**Provided material**
(* Let $\Pi$ be the node-edge-checkable problem encoding maximal matching defined below, and $\Pi^*$ its node-list variant. Then for every valid input instance $(S,h_{\mathrm{in}})$ of $\Pi^*$ (on any finite semi-graph $S$), $\Pi^*$ admits a valid solution.
   Context: Semi-graph: a bipartite graph $S=(A\sqcup B,C)$ with every $b\in B$ of degree at most $2$; $A$ = nodes, $B$ = edges, $C$ = half-edges (incident node–edge pairs); degree of a node / rank of an edge = its degree in $S$. Node-edge-checkable problem $\Pi=(\Sigma,\mathcal N_\Pi,\mathcal E_\Pi)$: $\mathcal N_\Pi^i$ ($i\ge 0$) and $\mathcal E_\Pi^i$ ($i\in\{0,1,2\}$) are collections of cardinality-$i$ multisets over $\Sigma$. The problem $\Pi$: $\Sigma=\{M,P,O,D\}$. For each $i\ge 0$, $\mathcal N_\Pi^i$ consists of all cardinality-$i$ multisets $\{\chi_1,\dots,\chi_i\}$ over $\Sigma$ such that either (i) exactly one $\chi_j$ equals $M$ and all others lie in $\{P,O,D\}$, or (ii) all $\chi_k$ lie in $\{O,D\}$. $\mathcal E_\Pi^0=\{\emptyset\}$, $\mathcal E_\Pi^1=\{\{D\}\}$, $\mathcal E_\Pi^2=\{\{P,O\},\{M,M\},\{P,P\}\}$. Node-list variant $\Pi^*$: for $i,j\ge0$ and $\psi\in\mathcal N_\Pi^j$, $\mathcal N^i_{\Pi,\psi}$ is the set of cardinality-$i$ multisets $\chi$ over $\Sigma$ with $\chi\uplus\psi\in\mathcal N_\Pi^{i+j}$, and $\mathcal L^i=\{\mathcal N^i_{\Pi,\psi}:\psi\in\mathcal N_\Pi^j\text{ for some }j\ge0\}$. A valid input instance is $(S,h_{\mathrm{in}})$ with $h_{\mathrm{in}}(v)\in\mathcal L^{\deg(v)}$ for each node $v$. A valid solution is $h_{\mathrm{out}}:H(S)\to\Sigma$ such that for each node $v$ the multiset of labels on its incident half-edges lies in $h_{\mathrm{in}}(v)$, and for each edge $e$ the multiset of labels on its incident half-edges lies in $\mathcal E_\Pi^{\mathrm{rank}(e)}$. *)

From HB Require Import structures.
From mathcomp Require Import all_boot.
Set Implicit Arguments. Unset Strict Implicit. Unset Printing Implicit Defensive.

Inductive Sigma := M | P | O | D.

Definition Sigma_eqb (x y : Sigma) : bool :=
  match x, y with
  | M, M | P, P | O, O | D, D => true
  | _, _ => false
  end.

Lemma Sigma_eqP : Equality.axiom Sigma_eqb.
Proof. by case; case; constructor. Qed.

HB.instance Definition _ := hasDecEq.Build Sigma Sigma_eqP.

(* Multisets over Sigma are represented by sequences; every predicate below
   depends only on the multiset (it is invariant under permutation); the
   cardinality of the multiset is [size s]. *)

(* Node constraint N_Pi (all cardinalities i at once): either exactly one
   label is M (and so all others are in {P,O,D}), or all labels are in {O,D}. *)
Definition N_Pi (s : seq Sigma) : bool :=
  (count (pred1 M) s == 1) || all (fun x => x \in [:: O; D]) s.

Definition E_Pi (s : seq Sigma) : bool :=
  match s with
  | [::] => true
  | [:: x] => x == D
  | [:: x; y] => perm_eq [:: x; y] [:: P; O] || perm_eq [:: x; y] [:: M; M]
                 || perm_eq [:: x; y] [:: P; P]
  | _ => false
  end.

(* A finite semi-graph: nodes A, edges B, half-edges C ⊆ A × B,
   every edge has degree at most 2. *)
Definition semigraph (A B : finType) (C : {set A * B}) : Prop :=
  forall e : B, #|[set a : A | (a, e) \in C]| <= 2.

Definition node_deg (A B : finType) (C : {set A * B}) (v : A) : nat :=
  #|[set b : B | (v, b) \in C]|.

Definition N_list (i : nat) (psi : seq Sigma) (chi : seq Sigma) : Prop :=
  size chi = i /\ N_Pi (chi ++ psi).

Definition in_L (i : nat) (L : seq Sigma -> Prop) : Prop :=
  exists psi : seq Sigma, N_Pi psi /\ forall chi, L chi <-> N_list i psi chi.

Definition valid_input (A B : finType) (C : {set A * B})
    (h_in : A -> seq Sigma -> Prop) : Prop :=
  forall v : A, in_L (node_deg C v) (h_in v).

Definition node_labels (A B : finType) (C : {set A * B})
    (h_out : A * B -> Sigma) (v : A) : seq Sigma :=
  [seq h_out (v, b) | b <- enum B & (v, b) \in C].

Definition edge_labels (A B : finType) (C : {set A * B})
    (h_out : A * B -> Sigma) (e : B) : seq Sigma :=
  [seq h_out (a, e) | a <- enum A & (a, e) \in C].

(* Valid solution: h_out labels half-edges (its values off C are irrelevant). *)
Definition valid_solution (A B : finType) (C : {set A * B})
    (h_in : A -> seq Sigma -> Prop) (h_out : A * B -> Sigma) : Prop :=
  (forall v : A, h_in v (node_labels C h_out v)) /\
  (forall e : B, E_Pi (edge_labels C h_out e)).

(* Fix for every node v a list psi v with N_Pi (psi v) realising h_in v.  A node
   whose psi contains M is already matched elsewhere; the others may still take
   one M.  Take a maximal matching S among the rank-2 edges all of whose
   endpoints may take an M, label S with M, rank-1 edges with D, and the other
   half-edges with P or O according to whether their node is saturated
   (already matched elsewhere, or covered by S).  Maximality of S says that no
   rank-2 edge outside S has two unsaturated endpoints, i.e. none is labelled
   {O, O}; at an unsaturated node only O and D occur, at a node matched by S
   exactly one M occurs, and a node matched elsewhere receives no M. *)

From HB Require Import structures.
From mathcomp Require Import all_boot.
From Stdlib Require Import ClassicalEpsilon.

Set Implicit Arguments.
Unset Strict Implicit.
Unset Printing Implicit Defensive.

Lemma card_set_count (T : finType) (Q : pred T) :
  #|[set x | Q x]| = count Q (enum T).
Proof.
rewrite cardsE cardE /enum_mem -size_filter -filter_predI; congr size.
by apply: eq_filter => x /=; rewrite andbT.
Qed.

Section Matchings.

Variables (A B : finType) (C : {set A * B}).

Definition incident (S : {set B}) (v : A) : {set B} := [set e in S | (v, e) \in C].

Definition matching (S : {set B}) : bool := [forall v, #|incident S v| <= 1].

Definition covered (S : {set B}) (v : A) : bool := incident S v != set0.

Lemma matching0 : matching set0.
Proof.
apply/forallP => v; rewrite (_ : incident set0 v = set0) ?cards0 //.
by apply/setP => e; rewrite !inE.
Qed.

Lemma matchingU1 S e :
  matching S -> (forall v, (v, e) \in C -> ~~ covered S v) -> matching (e |: S).
Proof.
move=> /forallP matS uncovered_e; apply/forallP => v.
case ve: ((v, e) \in C).
- have /negPn/eqP/setP incS0 := uncovered_e v ve.
  rewrite (_ : incident (e |: S) v = [set e]) ?cards1 //.
  apply/setP => f; rewrite !inE; case: eqP => [->|_]; first by rewrite ve.
  by have := incS0 f; rewrite !inE.
- rewrite (_ : incident (e |: S) v = incident S v) //.
  by apply/setP => f; rewrite !inE; case: eqP => // ->; rewrite ve !andbF.
Qed.

(* A matching of maximum cardinality inside [cand] is maximal, by [matchingU1]. *)
Lemma exists_maximal_matching (cand : pred B) :
  exists S : {set B}, [/\ matching S, {subset S <= cand} &
    forall e, cand e -> e \notin S -> [exists v, ((v, e) \in C) && covered S v]].
Proof.
pose ok S := matching S && (S \subset [set e | cand e]).
have ok0 : ok set0 by rewrite /ok /= matching0 sub0set.
case: (arg_maxnP (fun S : {set B} => #|S|) ok0) => S /andP[matS subS] maxS.
exists S; split => //; first by move=> e /(subsetP subS); rewrite inE.
move=> e cand_e eS.
apply: contraT => /existsPn uncovered_e.
have : ok (e |: S).
  rewrite /ok /= subUset sub1set inE cand_e subS !andbT.
  by apply: matchingU1 => // v ve; have := uncovered_e v; rewrite ve.
by move=> /maxS; rewrite cardsU1 eS add1n /= ltnn.
Qed.

End Matchings.

Definition matchable (s : seq Sigma) : bool := all (fun x => x \in [:: O; D]) s.

Lemma count_M_matchable s : matchable s -> count (pred1 M) s = 0.
Proof. by elim: s => //= -[] s IH /andP[]. Qed.

Lemma N_Pi_cat_matchable chi psi :
  matchable psi -> N_Pi (chi ++ psi) = N_Pi chi.
Proof.
move=> m_psi; rewrite /N_Pi count_cat (count_M_matchable m_psi) addn0 all_cat.
by move: m_psi; rewrite /matchable => ->; rewrite andbT.
Qed.

Lemma N_Pi_cat_unmatchable chi psi :
  N_Pi psi -> ~~ matchable psi -> N_Pi (chi ++ psi) = (M \notin chi).
Proof.
rewrite /N_Pi /matchable => N_psi nm_psi; rewrite (negbTE nm_psi) orbF in N_psi.
rewrite count_cat (eqP N_psi) all_cat (negbTE nm_psi) andbF orbF.
by rewrite -has_pred1 has_count addn1 eqSS eqn0Ngt.
Qed.

Section Labelling.

Variables (A B : finType) (C : {set A * B}) (psi : A -> seq Sigma) (S : {set B}).

Definition rank (e : B) : nat := #|[set a | (a, e) \in C]|.

Definition saturated (v : A) : bool := ~~ matchable (psi v) || covered C S v.

Definition matching_labelling (p : A * B) : Sigma :=
  if p.2 \in S then M else if rank p.2 == 1 then D
  else if saturated p.1 then P else O.

Hypothesis N_Pi_psi : forall v, N_Pi (psi v).
Hypothesis matching_S : matching C S.
Hypothesis S_matchable : forall e, e \in S ->
  (rank e == 2) && [forall a, ((a, e) \in C) ==> matchable (psi a)].
Hypothesis S_maximal : forall e, rank e == 2 -> e \notin S ->
  [exists a, ((a, e) \in C) && saturated a].

Lemma count_M_node_labels v :
  count (pred1 M) (node_labels C matching_labelling v) = #|incident C S v|.
Proof.
rewrite /node_labels count_map count_filter /incident card_set_count.
apply: eq_count => b; rewrite /matching_labelling /=.
by case: (b \in S) => //=; case: ifP => //; case: ifP.
Qed.

Lemma mem_M_node_labels v :
  (M \in node_labels C matching_labelling v) = covered C S v.
Proof. by rewrite -has_pred1 has_count count_M_node_labels card_gt0. Qed.

Lemma node_labels_valid v :
  N_Pi (node_labels C matching_labelling v ++ psi v).
Proof.
have [m_v|nm_v] := boolP (matchable (psi v)); last first.
  rewrite (N_Pi_cat_unmatchable _ (N_Pi_psi v) nm_v) mem_M_node_labels.
  apply/set0Pn => -[e]; rewrite inE => /andP[eS ve].
  by have /andP[_ /forallP/(_ v)] := S_matchable eS; rewrite ve (negbTE nm_v).
rewrite N_Pi_cat_matchable // /N_Pi count_M_node_labels.
have [cov_v|uncov_v] := boolP (covered C S v).
  by rewrite eqn_leq (forallP matching_S v) card_gt0 -/(covered C S v) cov_v.
apply/orP; right; rewrite /node_labels all_map; apply/allP => b.
rewrite mem_filter => /andP[vb _] /=.
have bS : b \notin S.
  by apply: contra uncov_v => bS; apply/set0Pn; exists b; rewrite inE bS.
rewrite /matching_labelling /= (negbTE bS) /saturated m_v (negbTE uncov_v).
by case: ifP.
Qed.

Lemma edge_labels_valid e : semigraph C -> E_Pi (edge_labels C matching_labelling e).
Proof.
move=> semi_C; have rank_le2 : rank e <= 2 := semi_C e.
have rank_S : e \in S -> rank e = 2 by move=> /S_matchable /andP[/eqP].
set ends := [seq a <- enum A | (a, e) \in C].
have size_ends : size ends = rank e by rewrite size_filter /rank card_set_count.
have sat_ends : rank e == 2 -> e \notin S -> has saturated ends.
  move=> rank2 eS; have /existsP[x /andP[xe sat_x]] := S_maximal rank2 eS.
  by apply/hasP; exists x; rewrite // mem_filter mem_enum xe.
rewrite /edge_labels -/ends /matching_labelling /=.
move: size_ends rank_le2 rank_S sat_ends.
case: ends => [|a [|b [|c ends]]] /= <- // _.
- by case: (e \in S) => // /(_ isT).
- case: (e \in S) => //= _ /(_ isT isT) /=.
  by case: (saturated a); case: (saturated b).
Qed.

End Labelling.

Lemma size_node_labels (A B : finType) (C : {set A * B}) (h : A * B -> Sigma) v :
  size (node_labels C h v) = node_deg C v.
Proof. by rewrite size_map size_filter /node_deg card_set_count. Qed.

Lemma exists_labelling (A B : finType) (C : {set A * B}) (psi : A -> seq Sigma) :
  semigraph C -> (forall v, N_Pi (psi v)) ->
  exists h : A * B -> Sigma,
    (forall v, N_Pi (node_labels C h v ++ psi v)) /\
    (forall e, E_Pi (edge_labels C h e)).
Proof.
move=> semi_C N_Pi_psi.
pose cand e := (rank C e == 2) && [forall a, ((a, e) \in C) ==> matchable (psi a)].
have [S [matS S_cand S_max]] := exists_maximal_matching C cand.
have S_maximal e : rank C e == 2 -> e \notin S ->
    [exists a, ((a, e) \in C) && saturated C psi S a].
  move=> rank2 eS; apply/existsP; case cand_e: (cand e).
  - have /existsP[x /andP[xe cov_x]] := S_max e cand_e eS.
    by exists x; rewrite xe /saturated cov_x orbT.
  - move: cand_e; rewrite /cand rank2 /= => /negbT /forallPn[x].
    by rewrite negb_imply => /andP[xe nm_x]; exists x; rewrite xe /saturated nm_x.
exists (matching_labelling C psi S); split => [v|e].
- exact: (node_labels_valid N_Pi_psi matS S_cand).
- exact: (edge_labels_valid S_cand S_maximal).
Qed.

Theorem mainTheorem10 (A B : finType) (C : {set A * B})
    (h_in : A -> seq Sigma -> Prop) :
  semigraph C -> valid_input C h_in ->
  exists h_out : A * B -> Sigma, valid_solution C h_in h_out.
Proof.
move=> semi_C valid_in.
have [psi psi_spec] := ClassicalEpsilon.choice _ valid_in.
have [h [nodes_ok edges_ok]] := exists_labelling semi_C (fun v => (psi_spec v).1).
exists h; split => // v; apply/(psi_spec v).2.
by split; [exact: size_node_labels | exact: nodes_ok].
Qed.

**Task details**
Using the data above, reproduce exactly the lines between those holding "have rank_S : e" and "Lemma exists_labelling (A", inclusive, and no others.

**Your response**
have rank_S : e \in S -> rank e = 2 by move=> /S_matchable /andP[/eqP].
set ends := [seq a <- enum A | (a, e) \in C].
have size_ends : size ends = rank e by rewrite size_filter /rank card_set_count.
have sat_ends : rank e == 2 -> e \notin S -> has saturated ends.
  move=> rank2 eS; have /existsP[x /andP[xe sat_x]] := S_maximal rank2 eS.
  by apply/hasP; exists x; rewrite // mem_filter mem_enum xe.
rewrite /edge_labels -/ends /matching_labelling /=.
move: size_ends rank_le2 rank_S sat_ends.
case: ends => [|a [|b [|c ends]]] /= <- // _.
- by case: (e \in S) => // /(_ isT).
- case: (e \in S) => //= _ /(_ isT isT) /=.
  by case: (saturated a); case: (saturated b).
Qed.

End Labelling.

Lemma size_node_labels (A B : finType) (C : {set A * B}) (h : A * B -> Sigma) v :
  size (node_labels C h v) = node_deg C v.
Proof. by rewrite size_map size_filter /node_deg card_set_count. Qed.

Lemma exists_labelling (A B : finType) (C : {set A * B}) (psi : A -> seq Sigma) :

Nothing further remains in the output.